Stop Retrying API Calls!

Shonn Lyga
PoZeCode
Published in
2 min readJun 19, 2019

TL;DR — Recently I attended a design review where it seemed like retrying API calls is a common good practice. In this short article I want to explain why this approach should always be questioned, and how this approach can lead to a large outage of your whole stack.

When designing a component in a distributed system, the question I always ask when someone mentions their retry approach is:

“What is the root service in that call chain?”

There are 3 possible answers:

  1. I don’t know (never a good answer)
  2. My service is the root service
  3. Some other service is the root service

If you are blindly implementing retries to your dependencies, the only acceptable answer here is 2. Which means your service is the one initiating a call-chain, and is the one that should manage the retry policy.

“What is so bad about retrying if I am not the root service?”
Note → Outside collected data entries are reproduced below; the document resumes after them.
(* For all terms $t,s$ of the distributive $\lambda$-calculus, if $t\to_{\mathsf{dist}}^* s$ and $s$ is a $\to_{\mathsf{dist}}$-normal form, then $t\to_{LO}^* s$.
   Context: Terms of the distributive $\lambda$-calculus are given by the grammar $t,s,u ::= x \mid \lambda x.t \mid ts \mid \langle t,s\rangle \mid \pi_1 t \mid \pi_2 t$, considered up to $\alpha$-renaming; $t\{x:=s\}$ denotes capture-avoiding substitution. The top-level rules are: $(\lambda x.t)s \mapsto_\beta t\{x:=s\}$; $\pi_i\langle t_1,t_2\rangle \mapsto_{\pi_i} t_i$ for $i=1,2$; $\langle t,s\rangle u \mapsto_{@_\times} \langle tu, su\rangle$; $\pi_i(\lambda x.t)\mapsto_{\pi_\lambda} \lambda x.\pi_i t$ for $i=1,2$. The relation $\to_{\mathsf{dist}}$ is the closure of the union of these rules under all term constructors; $\to^*$ denotes reflexive-transitive closure; a normal form is a term with no $\to_{\mathsf{dist}}$-reduct. A term is neutral if it is a variable, an application $ts$, or a projection $\pi_i t$. Leftmost-outermost reduction $\to_{LO}$ is the smallest relation closed under the rules: $(\lambda x.t)s\to_{LO} t\{x:=s\}$; $\pi_i\langle t_1,t_2\rangle\to_{LO} t_i$ ($i=1,2$); $\langle t,s\rangle u\to_{LO}\langle tu,su\rangle$; $\pi_i(\lambda x.t)\to_{LO}\lambda x.\pi_i t$ ($i=1,2$); if $t\to_{LO}s$ and $t$ is neutral then $tu\to_{LO}su$; if $t\to_{LO}s$ then $\lambda x.t\to_{LO}\lambda x.s$; if $u$ is neutral and normal and $t\to_{LO}s$ then $ut\to_{LO}us$; if $t\to_{LO}s$ then $\pi_i t\to_{LO}\pi_i s$; if $t\to_{LO}s$ then $\langle t,u\rangle\to_{LO}\langle s,u\rangle$; if $u$ is normal and $t\to_{LO}s$ then $\langle u,t\rangle\to_{LO}\langle u,s\rangle$. *)

From Stdlib Require Import Arith Relations.

Inductive term : Type :=
| Var : nat -> term
| Lam : term -> term                 (* \x. t, x is index 0 in t *)
| App : term -> term -> term
| Pair : term -> term -> term
| Proj : bool -> term -> term.       (* Proj true = pi_1, Proj false = pi_2 *)

Fixpoint lift (k : nat) (t : term) : term :=
  match t with
  | Var n => if Nat.ltb n k then Var n else Var (S n)
  | Lam t => Lam (lift (S k) t)
  | App t u => App (lift k t) (lift k u)
  | Pair t u => Pair (lift k t) (lift k u)
  | Proj b t => Proj b (lift k t)
  end.

(* subst k s t : capture-avoiding substitution of s for index k in t,
   decrementing indices > k (the binder is removed). *)
Fixpoint subst (k : nat) (s : term) (t : term) : term :=
  match t with
  | Var n =>
      match Nat.compare n k with
      | Lt => Var n
      | Eq => s
      | Gt => Var (pred n)
      end
  | Lam t => Lam (subst (S k) (lift 0 s) t)
  | App t u => App (subst k s t) (subst k s u)
  | Pair t u => Pair (subst k s t) (subst k s u)
  | Proj b t => Proj b (subst k s t)
  end.

(* t{x:=s} where x is the variable bound by the enclosing lambda *)
Definition subst0 (s t : term) : term := subst 0 s t.

Inductive top_step : term -> term -> Prop :=
| top_beta : forall t s, top_step (App (Lam t) s) (subst0 s t)
| top_pi1 : forall t1 t2, top_step (Proj true (Pair t1 t2)) t1
| top_pi2 : forall t1 t2, top_step (Proj false (Pair t1 t2)) t2
| top_app_pair : forall t s u, top_step (App (Pair t s) u) (Pair (App t u) (App s u))
| top_pi_lam : forall b t, top_step (Proj b (Lam t)) (Lam (Proj b t)).

Inductive dist_step : term -> term -> Prop :=
| ds_top : forall t s, top_step t s -> dist_step t s
| ds_lam : forall t t', dist_step t t' -> dist_step (Lam t) (Lam t')
| ds_appl : forall t t' u, dist_step t t' -> dist_step (App t u) (App t' u)
| ds_appr : forall t u u', dist_step u u' -> dist_step (App t u) (App t u')
| ds_pairl : forall t t' u, dist_step t t' -> dist_step (Pair t u) (Pair t' u)
| ds_pairr : forall t u u', dist_step u u' -> dist_step (Pair t u) (Pair t u')
| ds_proj : forall b t t', dist_step t t' -> dist_step (Proj b t) (Proj b t').

Definition normal (t : term) : Prop := forall s, ~ dist_step t s.

Definition neutral (t : term) : Prop :=
  match t with
  | Var _ | App _ _ | Proj _ _ => True
  | _ => False
  end.

Inductive lo_step : term -> term -> Prop :=
| lo_beta : forall t s, lo_step (App (Lam t) s) (subst0 s t)
| lo_pi1 : forall t1 t2, lo_step (Proj true (Pair t1 t2)) t1
| lo_pi2 : forall t1 t2, lo_step (Proj false (Pair t1 t2)) t2
| lo_app_pair : forall t s u, lo_step (App (Pair t s) u) (Pair (App t u) (App s u))
| lo_pi_lam : forall b t, lo_step (Proj b (Lam t)) (Lam (Proj b t))
| lo_appl : forall t s u, lo_step t s -> neutral t -> lo_step (App t u) (App s u)
| lo_lam : forall t s, lo_step t s -> lo_step (Lam t) (Lam s)
| lo_appr : forall u t s, neutral u -> normal u -> lo_step t s -> lo_step (App u t) (App u s)
| lo_proj : forall b t s, lo_step t s -> lo_step (Proj b t) (Proj b s)
| lo_pairl : forall t s u, lo_step t s -> lo_step (Pair t u) (Pair s u)
| lo_pairr : forall u t s, normal u -> lo_step t s -> lo_step (Pair u t) (Pair u s).

Definition dist_star := clos_refl_trans term dist_step.
Definition lo_star := clos_refl_trans term lo_step.

(* Standardization via parallel reduction, after Takahashi.  A dist-step is a parallel
   step, and a parallel step factors as head reduction followed by an internal parallel
   step.  Internal steps never create head redexes, so head steps can be moved in front of
   them, and t ->* s factors as head reduction t ->h* u followed by a reduction u ->* s
   inside the subterms of the head spine of u.  Head steps are LO steps.  When s is normal,
   induction on s handles the internal part: normality of s makes the function of an
   application neutral and normal, and the left component of a pair normal, which are the
   side conditions of the LO rules reducing to the right. *)

From Stdlib Require Import Relations Arith Lia.

Lemma clos_rt_map {A B : Type} (R : relation A) (S : relation B) (f : A -> B) :
  (forall x y, R x y -> S (f x) (f y)) ->
  forall x y, clos_refl_trans A R x y -> clos_refl_trans B S (f x) (f y).
Proof. intros Hf x y Hxy; induction Hxy; eauto using rt_step, rt_refl, rt_trans. Qed.

Lemma clos_rt_map_inv {A B : Type} (R : relation A) (S : relation B)
    (P : A -> Prop) (f : A -> B) :
  (forall x y, R x y -> P y -> P x) ->
  (forall x y, R x y -> P x -> S (f x) (f y)) ->
  forall x y, clos_refl_trans A R x y -> P y -> clos_refl_trans B S (f x) (f y).
Proof.
  intros Hback Hf x y Hxy Hy.
  enough (P x /\ clos_refl_trans B S (f x) (f y)) by tauto.
  revert x Hxy.
  apply clos_refl_trans_ind_right.
  - split; [exact Hy | apply rt_refl].
  - intros x x' Hxx' [Hx' IH] _.
    assert (Hx : P x) by eauto.
    split; [exact Hx | eauto using rt_step, rt_trans].
Qed.

Ltac index_cases :=
  repeat (cbn [lift subst] in *; match goal with
  | |- context [Nat.ltb ?a ?b] => destruct (Nat.ltb_spec a b)
  | |- context [Nat.compare ?a ?b] => destruct (Nat.compare_spec a b)
  end); try lia; try reflexivity; try (f_equal; lia).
I’ll explain with an example.

Let’s assume you have 3 services where A calls B and B calls C (look at the diagram above).

Let’s also assume that service C starts experiencing internal errors.

Service C is in fact a fleet of 5 machines behind a load balancer, and every machine can service 5 API calls a second. So overall the full functional fleet can service 25 requests per second.

Now what happens if service A makes a call to service B that makes a call to C and the call fails due to internal error in C? Let’s assume both A and B implemented a 5 reties strategy. Now A will retry 5 times, and B will retry 5 times for every call from A. Do you see where this is going?

Let’s look at the flow of events:

  1. A calls B and the call fails
  2. A retries 5 times
  3. B calls C and the calls fail
  4. B retries 5x5 times (5 times for every call from A)
  5. C tries to recover and browns-out

Service A will retry 5 times, for each of those calls B will retry 5 times. This adds up to 25 calls to C that is not even able to recover from its failure because we keep hammering it with a large amount of retries. Inevitably you get a brownout of service C.

When the fleet of service C tries to recover, it brings up 1 machine that can take 5 calls, and immediately goes down because it is being DOSed with 25 calls from service B. And the loop goes on and on until your whole stack is browned-out.

So what do you conclude, Dr. Watson?

If you have a distributed system, and your service is in the middle of the call-chain, you should think twice before automatically retrying failed calls.

Shonn.

--

--